Machu Picchu is a 15th-century Inca citadel situated on a mountain ridge 2,430 meters (7,970 ft) above sea level. It is the best known archeological site on the continent and considered to be one of the seven wonders of the world. This amazing ancient city was never discovered by the Spanish conquistadors and therefore unknown to the world until the early part of the 20th century. Despite the numerous tourists that visit the site every day, the area manages to retain the secrecy and uniqueness, and is a must for all visitors to Peru.
Where to stay near Machu Picchu
You want to come to the Machu Picchu as early as possible. There are incredible views, such as the sunrise over Machu Picchu and you can avoid the crowds. If you are serious about being one of the first visitors on the site it is worth considering to book a room in the only hotel nearby. Unfortunately, this experience comes with a price, as one night in the Machu Picchu Sanctuary Lodge will cost you around $1,000.

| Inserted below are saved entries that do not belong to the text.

Theorem lemma4 (L M : nat) (hL : leq 1 L) (hM : leq 1 M)
  (gamma : Cplx) (u : 'I_L -> Cplx) (w : 'I_M -> Cplx) :
  Tfull gamma u w =
  opscale ((-1) ^+ (L * M))
    (opprod [seq Tbar (Tquant gamma u w m) (inr m : site L M) | m <- enum 'I_M]).
Proof.
have Tbar_Tquant m : Tbar (Tquant gamma u w m) (inr m : site L M) =
    opscale ((-1) ^+ L)
      (opprod [seq Rop gamma (inl l : site L M) (inr m) (u l) (w m) | l <- rev (enum 'I_L)]).
  by rewrite Tbar_prod_Rop ?enum_uniq ?size_enum_ord //; exact: inl_inj.
rewrite (eq_map Tbar_Tquant) opprod_scale opscaleA size_enum_ord -exprM.
rewrite -exprMn mulrNN mulr1 expr1n opscale1 /Tfull /Taux.
apply: (opprod_exchange (F := fun l m => Rop gamma (inl l : site L M) (inr m) (u l) (w m)));
  rewrite ?rev_uniq ?enum_uniq // => l l' m m' ll' mm'.
by rewrite !RopE op2_comm // ?(inj_eq inl_inj) ?(inj_eq inr_inj).
Qed.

Your other option is to stay in the village of Aguas Calientes, nearby Machu Picchu and take an early morning bus to the ruins of Machu Picchu. If you are a hiking enthusiast it is worth considering hiking the path from the Aguas Calientes village to the ruins area, though the path can be quite hard if you are not physically fit. If you are riding the bus up plan on getting up really early as the line for the bus can get extremely long very fast.
How to get to Machu Picchu
The city of Cusco is the capital of the Incas and a base for traveling around the Andes. From Cusco, you can reach Machu Picchu by train or by trekking. A village of Aguas Calientes is the closest settlement to Machu Picchu, located in the valley below. It serves as the disembarking point for the train or a gathering place after you’ve completed the Inca Trail and descended from Machu Picchu.

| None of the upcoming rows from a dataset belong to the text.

(* Let $X$ be a complete metric space, let $f:X\to\mathbb{R}\cup\{+\infty\}$ be a lower semicontinuous function, let $r_0>0$, $k>0$, and let $\varphi\in\mathcal{K}(0,r_0)$. The following assertions are equivalent: (i) the multivalued mapping $X\rightrightarrows\mathbb{R}$, $x\mapsto[(\varphi\circ f)(x),+\infty)$, is $k$-metrically regular on $[0<f<r_0]\times(0,\varphi(r_0))$; (ii) for all $r_1,r_2\in(0,r_0)$, $\operatorname{Dist}([f\le r_1],[f\le r_2])\le k\,|\varphi(r_1)-\varphi(r_2)|$; (iii) for all $x\in[0<f<r_0]$, $|\nabla(\varphi\circ f)|(x)\ge\frac1k$.
   Context: $\mathcal{K}(0,r_0)$ is the set of functions $\varphi\in C([0,r_0))\cap C^1(0,r_0)$ with $\varphi(0)=0$ and $\varphi'(r)>0$ for all $r\in(0,r_0)$; $\varphi(r_0)$ denotes $\lim_{r\uparrow r_0}\varphi(r)\in(0,+\infty]$. Notation: $[r_1<f<r_2]=\{x:r_1<f(x)<r_2\}$, $[f\le r]=\{x:f(x)\le r\}$. $\operatorname{dist}(x,S)=\inf_{y\in S}d(x,y)$; the Hausdorff distance is $\operatorname{Dist}(S_1,S_2)=\max\{\sup_{x\in S_1}\operatorname{dist}(x,S_2),\sup_{x\in S_2}\operatorname{dist}(x,S_1)\}$ (possibly $+\infty$). A multivalued map $F:X\rightrightarrows Y$ is $k$-metrically regular at $(\bar x,\bar y)\in\operatorname{Graph}F$ if there exist $\varepsilon,\delta>0$ with $\operatorname{dist}(x,F^{-1}(y))\le k\operatorname{dist}(y,F(x))$ for all $(x,y)\in B(\bar x,\varepsilon)\times B(\bar y,\delta)$, where $F^{-1}(y)=\{x:y\in F(x)\}$; it is $k$-metrically regular on $V$ if it is so at every point of $\operatorname{Graph}F\cap V$. Strong slope: $|\nabla g|(x)=\limsup_{y\to x}\frac{(g(x)-g(y))^+}{d(x,y)}$, $a^+=\max\{a,0\}$. *)

From Stdlib Require Import Reals.
From Coquelicot Require Export Coquelicot.
Open Scope R_scope.

Section Defs.
Variable X : Type.
Variable d : X -> X -> R.

Definition is_metric : Prop :=
  (forall x y, 0 <= d x y) /\
  (forall x y, d x y = 0 <-> x = y) /\
  (forall x y, d x y = d y x) /\
  (forall x y z, d x z <= d x y + d y z).

Definition complete_metric : Prop :=
  forall u : nat -> X,
    (forall eps, 0 < eps -> exists N, forall m n, (N <= m)%nat -> (N <= n)%nat ->
        d (u m) (u n) < eps) ->
    exists l, forall eps, 0 < eps -> exists N, forall n, (N <= n)%nat -> d (u n) l < eps.

Definition no_minus_infty (f : X -> Rbar) : Prop := forall x, f x <> m_infty.

Definition lsc (f : X -> Rbar) : Prop :=
  forall x (a : R), Rbar_lt a (f x) ->
    exists delta, 0 < delta /\ forall y, d x y < delta -> Rbar_lt a (f y).

(* dist(x,S) = inf_{z in S} d(x,z)  (= +oo if S is empty) *)
Definition distX (x : X) (S : X -> Prop) : Rbar :=
  Rbar_glb (fun t => exists z, S z /\ t = Finite (d x z)).

(* Hausdorff distance Dist(S1,S2) = max of the two sups (possibly +oo) *)
Definition HausDist (S1 S2 : X -> Prop) : Rbar :=
  Rbar_lub (fun s =>
    s = Rbar_lub (fun t => exists x, S1 x /\ t = distX x S2) \/
    s = Rbar_lub (fun t => exists x, S2 x /\ t = distX x S1)).

(* (a - b)^+ for a, b in R U {+oo, -oo} (the case oo - oo never matters) *)
Definition Rbar_pos_diff (a b : Rbar) : Rbar :=
  match a, b with
  | Finite a, Finite b => Finite (Rmax 0 (a - b))
  | Finite _, p_infty => Finite 0
  | Finite _, m_infty => p_infty
  | p_infty, Finite _ => p_infty
  | p_infty, m_infty => p_infty
  | p_infty, p_infty => Finite 0
  | m_infty, _ => Finite 0
  end.

(* strong slope |grad g|(x) = limsup_{y -> x} (g x - g y)^+ / d(x,y)
   = inf_{delta>0} sup_{0 < d(x,y) < delta} ...   (= 0 at isolated points) *)
Definition strong_slope (g : X -> Rbar) (x : X) : Rbar :=
  Rbar_glb (fun s => exists delta, 0 < delta /\
    s = Rbar_lub (fun t => t = Finite 0 \/
          exists y, 0 < d x y < delta /\
                    t = Rbar_mult (Rbar_pos_diff (g x) (g y)) (Finite (/ d x y)))).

From Aguas Calientes, you can reach Machu Picchu by bus or by trekking. The buses start early, that way you have a chance to experience Machu Picchu early morning.
Machu Picchu by Rail
Most people decide to travel to the Machu Picchu by train. Train journey from Cusco to Aguas Calientes lasts around 3 to 4 hours and is highly scenic. From the train, you can observe the amazing natural beauty of this part of Peru. You can observe the lush valleys, scenic hills, and the Urubamba River. It is worth considering dividing your journey to two parts and taking a day or two to explore the interesting places in between Cusco and Machu Picchu – like the famous Sacred Valley with all its famous archeological sites.
Machu Picchu by Foot
A trekking vacation is also a very popular option when visiting Machu Picchu. There are many possible routes for you to choose, ranging from the easier ones to the ones that require you to be in good shape and have some hiking experience. There’s also the most famous trek, the Inca Trail for which permits sell out notoriously far in advance. There’s a limit on the number of people that are allowed to trek the trail. If you want to take this trail, it is essential to plan your trip far in advance. However, there are many other scenic treks you can choose from. Two most popular are Salkantay trail or the Mountain Lodges of Peru route.
Where to eat at Machu Picchu
The Belmond Sanctuary Lodge is the only hotel next to the entrance of Machu Picchu. It offers a la carte lunch, buffet lunch, and carry-away items. Other eating options are located down the hill in the village of Aguas Calientes, where there are many restaurants and hotels located. You cannot eat in the Machu Picchu ruins.
The best time to visit Machu Picchu
One of the best times to visit Machu Picchu is during April and May when the rainy season has already passed. Crowds show up during July and August when local people visit for the Festival of the Sun at the end of June. Keep in mind that the Inca Trail closes every February for maintenance, but Machu Picchu still opens daily. From May to October, the weather is generally clear and dry, although cool at night. We visited in September and it was relatively dry and we missed the peak season crowds.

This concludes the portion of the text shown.